- _PROBLEM DESCRIPTION_: From the first line through the line containing "assert (Hx : inD", transcribe the records exactly and include no other lines.

- _DATASET RECORDS_:
________________________

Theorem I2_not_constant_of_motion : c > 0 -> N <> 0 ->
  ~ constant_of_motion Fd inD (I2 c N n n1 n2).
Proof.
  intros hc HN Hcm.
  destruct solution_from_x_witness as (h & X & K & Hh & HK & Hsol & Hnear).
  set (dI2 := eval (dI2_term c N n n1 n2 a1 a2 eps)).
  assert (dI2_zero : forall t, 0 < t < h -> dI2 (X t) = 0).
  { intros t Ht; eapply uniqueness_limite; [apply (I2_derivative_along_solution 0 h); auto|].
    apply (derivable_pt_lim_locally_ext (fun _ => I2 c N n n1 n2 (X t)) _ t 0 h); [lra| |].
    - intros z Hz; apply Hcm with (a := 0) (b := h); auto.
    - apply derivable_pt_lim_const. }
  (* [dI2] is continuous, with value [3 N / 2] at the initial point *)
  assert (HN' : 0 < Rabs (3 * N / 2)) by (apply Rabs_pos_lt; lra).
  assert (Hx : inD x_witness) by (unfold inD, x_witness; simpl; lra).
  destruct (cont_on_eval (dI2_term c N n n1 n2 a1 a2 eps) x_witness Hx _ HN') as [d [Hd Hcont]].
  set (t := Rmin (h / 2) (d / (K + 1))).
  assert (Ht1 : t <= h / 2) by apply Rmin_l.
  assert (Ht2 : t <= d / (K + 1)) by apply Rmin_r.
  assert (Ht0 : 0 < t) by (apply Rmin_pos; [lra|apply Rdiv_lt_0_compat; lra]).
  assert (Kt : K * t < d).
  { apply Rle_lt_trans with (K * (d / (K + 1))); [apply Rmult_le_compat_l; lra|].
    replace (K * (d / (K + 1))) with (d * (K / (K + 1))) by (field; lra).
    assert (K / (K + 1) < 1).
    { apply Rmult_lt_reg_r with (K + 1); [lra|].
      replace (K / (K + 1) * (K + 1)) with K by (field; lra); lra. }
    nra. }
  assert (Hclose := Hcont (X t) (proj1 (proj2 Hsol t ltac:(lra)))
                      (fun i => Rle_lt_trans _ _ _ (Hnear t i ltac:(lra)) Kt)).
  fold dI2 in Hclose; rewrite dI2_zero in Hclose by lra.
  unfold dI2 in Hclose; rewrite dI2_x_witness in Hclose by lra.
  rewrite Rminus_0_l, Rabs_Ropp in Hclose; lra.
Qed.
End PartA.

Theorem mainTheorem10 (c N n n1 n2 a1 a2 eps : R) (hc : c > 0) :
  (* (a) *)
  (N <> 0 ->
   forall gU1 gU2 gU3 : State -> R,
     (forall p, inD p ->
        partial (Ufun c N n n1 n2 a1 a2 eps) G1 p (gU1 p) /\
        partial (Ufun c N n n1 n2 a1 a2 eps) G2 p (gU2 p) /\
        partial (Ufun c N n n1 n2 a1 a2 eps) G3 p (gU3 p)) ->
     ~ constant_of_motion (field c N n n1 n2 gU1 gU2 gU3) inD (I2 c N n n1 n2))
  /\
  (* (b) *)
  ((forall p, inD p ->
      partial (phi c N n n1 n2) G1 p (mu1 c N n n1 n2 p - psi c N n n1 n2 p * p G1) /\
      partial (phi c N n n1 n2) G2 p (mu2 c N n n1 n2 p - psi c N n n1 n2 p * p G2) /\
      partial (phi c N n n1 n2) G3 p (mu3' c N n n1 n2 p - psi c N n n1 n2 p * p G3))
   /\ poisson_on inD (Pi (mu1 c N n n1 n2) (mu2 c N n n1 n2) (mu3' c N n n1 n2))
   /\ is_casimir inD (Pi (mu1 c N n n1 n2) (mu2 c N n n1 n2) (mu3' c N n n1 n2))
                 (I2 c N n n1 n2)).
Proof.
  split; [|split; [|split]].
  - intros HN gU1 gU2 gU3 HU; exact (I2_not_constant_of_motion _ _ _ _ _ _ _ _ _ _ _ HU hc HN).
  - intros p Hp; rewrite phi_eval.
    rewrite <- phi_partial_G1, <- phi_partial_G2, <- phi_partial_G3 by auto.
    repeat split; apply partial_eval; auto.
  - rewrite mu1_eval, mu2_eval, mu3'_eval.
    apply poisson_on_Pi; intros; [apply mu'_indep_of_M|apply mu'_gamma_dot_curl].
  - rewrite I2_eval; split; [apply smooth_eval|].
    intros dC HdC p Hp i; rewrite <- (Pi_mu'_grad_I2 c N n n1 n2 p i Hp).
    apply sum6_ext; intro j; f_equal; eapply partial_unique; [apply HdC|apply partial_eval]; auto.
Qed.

________________________

- _ANSWER TO THIS TASK_:
Theorem I2_not_constant_of_motion : c > 0 -> N <> 0 ->
  ~ constant_of_motion Fd inD (I2 c N n n1 n2).
Proof.
  intros hc HN Hcm.
  destruct solution_from_x_witness as (h & X & K & Hh & HK & Hsol & Hnear).
  set (dI2 := eval (dI2_term c N n n1 n2 a1 a2 eps)).
  assert (dI2_zero : forall t, 0 < t < h -> dI2 (X t) = 0).
  { intros t Ht; eapply uniqueness_limite; [apply (I2_derivative_along_solution 0 h); auto|].
    apply (derivable_pt_lim_locally_ext (fun _ => I2 c N n n1 n2 (X t)) _ t 0 h); [lra| |].
    - intros z Hz; apply Hcm with (a := 0) (b := h); auto.
    - apply derivable_pt_lim_const. }
  (* [dI2] is continuous, with value [3 N / 2] at the initial point *)
  assert (HN' : 0 < Rabs (3 * N / 2)) by (apply Rabs_pos_lt; lra).
  assert (Hx : inD x_witness) by (unfold inD, x_witness; simpl; lra).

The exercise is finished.